Exercise aim
Print the whole listing, character for character.
*** Opening of Recorded data ***
Lemma comult_block_mul sig eta : sig \in unitmx -> \tr (invmx sig) = n%:R ->
  \sum_(k < n) \sum_(l < n) comult_left sig eta k l *m comult_right sig k l = eta.
Proof.
move=> sig_unit tr_inv; have [n0|n_gt0] := posnP n.
  by apply/matrixP => -[p p_lt]; exfalso; rewrite n0 in p_lt.
have -> : \sum_(k < n) \sum_(l < n) comult_left sig eta k l *m comult_right sig k l =
    n%:R^-1 *: (eta *m sig *m
      (\sum_(k < n) \sum_(l < n) delta_mx l k *m invmx sig *m delta_mx k l) *m invmx sig).
  rewrite mulmx_sumr mulmx_suml scaler_sumr; apply: eq_bigr => k _.
  rewrite mulmx_sumr mulmx_suml scaler_sumr; apply: eq_bigr => l _.
  by rewrite /comult_left /comult_right !Emx_delta -scalemxAl !mulmxA.
rewrite sum_delta_conj tr_inv mul_mx_scalar -scalemxAl mulmxK //.
by rewrite scalerA mulVf ?scale1r // pnatr_eq0 -lt0n.
Qed.

Lemma hermitian_invmx sig : sig^t* = sig -> (invmx sig)^t* = invmx sig.
Proof. by move=> sig_herm; rewrite trmx_inv map_invmx sig_herm. Qed.

Lemma comult_block_adjoint sig eta x y : sig^t* = sig -> sig \in unitmx ->
  \sum_(k < n) \sum_(l < n)
     (n%:R * \tr ((comult_left sig eta k l)^t* *m x *m sig)) *
     (n%:R * \tr ((comult_right sig k l)^t* *m y *m sig)) =
  n%:R * \tr (eta^t* *m (x *m y) *m sig).
Proof.
move=> sig_herm sig_unit.
have inv_real : (n%:R^-1 : C)^* = n%:R^-1 by rewrite conj_Creal // realV realn.
have left_tr (k l : 'I_n) : \tr ((comult_left sig eta k l)^t* *m x *m sig) =
    n%:R^-1 * (sig *m eta^t* *m x) l k.
  rewrite /comult_left Emx_delta linearZ /= map_mxZ /= inv_real -!scalemxAl mxtraceZ.
  rewrite !trmx_mul !map_mxM hermitian_invmx // trmx_delta map_delta_mx sig_herm.
  by rewrite mxtrace_mulC !mulmxA mulmxV // mul1mx -!mulmxA mxtrace_delta_mull !mulmxA.
have right_tr (k l : 'I_n) : \tr ((comult_right sig k l)^t* *m y *m sig) = y k l.
  rewrite /comult_right Emx_delta trmx_mul map_mxM hermitian_invmx //.
  rewrite trmx_delta map_delta_mx mxtrace_mulC !mulmxA mulmxV // mul1mx.
  exact: mxtrace_delta_mull.
under eq_bigr do under eq_bigr do rewrite left_tr right_tr.
have [n0|n_neq0] := eqVneq (n%:R : C) 0.
  by rewrite n0 mul0r big1 // => k _; rewrite big1 // => l _; rewrite !mul0r.
have -> : \tr (eta^t* *m (x *m y) *m sig) =
    \sum_(l < n) \sum_(k < n) (sig *m eta^t* *m x) l k * y k l.
  by rewrite mxtrace_mulC !mulmxA; apply: eq_bigr => l _; rewrite mxE.
rewrite exchange_big big_distrr /=; apply: eq_bigr => k _.
rewrite big_distrr /=; apply: eq_bigr => l _.
by rewrite !mulrA mulfV // mul1r (mulrC _ n%:R).
Qed.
*** Close of Recorded data ***
Written solution
Lemma comult_block_mul sig eta : sig \in unitmx -> \tr (invmx sig) = n%:R ->
  \sum_(k < n) \sum_(l < n) comult_left sig eta k l *m comult_right sig k l = eta.
Proof.
move=> sig_unit tr_inv; have [n0|n_gt0] := posnP n.
  by apply/matrixP => -[p p_lt]; exfalso; rewrite n0 in p_lt.
have -> : \sum_(k < n) \sum_(l < n) comult_left sig eta k l *m comult_right sig k l =
    n%:R^-1 *: (eta *m sig *m
      (\sum_(k < n) \sum_(l < n) delta_mx l k *m invmx sig *m delta_mx k l) *m invmx sig).
  rewrite mulmx_sumr mulmx_suml scaler_sumr; apply: eq_bigr => k _.
  rewrite mulmx_sumr mulmx_suml scaler_sumr; apply: eq_bigr => l _.
  by rewrite /comult_left /comult_right !Emx_delta -scalemxAl !mulmxA.
rewrite sum_delta_conj tr_inv mul_mx_scalar -scalemxAl mulmxK //.
by rewrite scalerA mulVf ?scale1r // pnatr_eq0 -lt0n.
Qed.

Lemma hermitian_invmx sig : sig^t* = sig -> (invmx sig)^t* = invmx sig.
Proof. by move=> sig_herm; rewrite trmx_inv map_invmx sig_herm. Qed.

Lemma comult_block_adjoint sig eta x y : sig^t* = sig -> sig \in unitmx ->
  \sum_(k < n) \sum_(l < n)
     (n%:R * \tr ((comult_left sig eta k l)^t* *m x *m sig)) *
     (n%:R * \tr ((comult_right sig k l)^t* *m y *m sig)) =
  n%:R * \tr (eta^t* *m (x *m y) *m sig).
Proof.
move=> sig_herm sig_unit.
have inv_real : (n%:R^-1 : C)^* = n%:R^-1 by rewrite conj_Creal // realV realn.
have left_tr (k l : 'I_n) : \tr ((comult_left sig eta k l)^t* *m x *m sig) =
    n%:R^-1 * (sig *m eta^t* *m x) l k.
  rewrite /comult_left Emx_delta linearZ /= map_mxZ /= inv_real -!scalemxAl mxtraceZ.
  rewrite !trmx_mul !map_mxM hermitian_invmx // trmx_delta map_delta_mx sig_herm.
  by rewrite mxtrace_mulC !mulmxA mulmxV // mul1mx -!mulmxA mxtrace_delta_mull !mulmxA.
have right_tr (k l : 'I_n) : \tr ((comult_right sig k l)^t* *m y *m sig) = y k l.
  rewrite /comult_right Emx_delta trmx_mul map_mxM hermitian_invmx //.
  rewrite trmx_delta map_delta_mx mxtrace_mulC !mulmxA mulmxV // mul1mx.
  exact: mxtrace_delta_mull.
under eq_bigr do under eq_bigr do rewrite left_tr right_tr.
have [n0|n_neq0] := eqVneq (n%:R : C) 0.
  by rewrite n0 mul0r big1 // => k _; rewrite big1 // => l _; rewrite !mul0r.
have -> : \tr (eta^t* *m (x *m y) *m sig) =
    \sum_(l < n) \sum_(k < n) (sig *m eta^t* *m x) l k * y k l.
  by rewrite mxtrace_mulC !mulmxA; apply: eq_bigr => l _; rewrite mxE.
rewrite exchange_big big_distrr /=; apply: eq_bigr => k _.
rewrite big_distrr /=; apply: eq_bigr => l _.
by rewrite !mulrA mulfV // mul1r (mulrC _ n%:R).
Qed.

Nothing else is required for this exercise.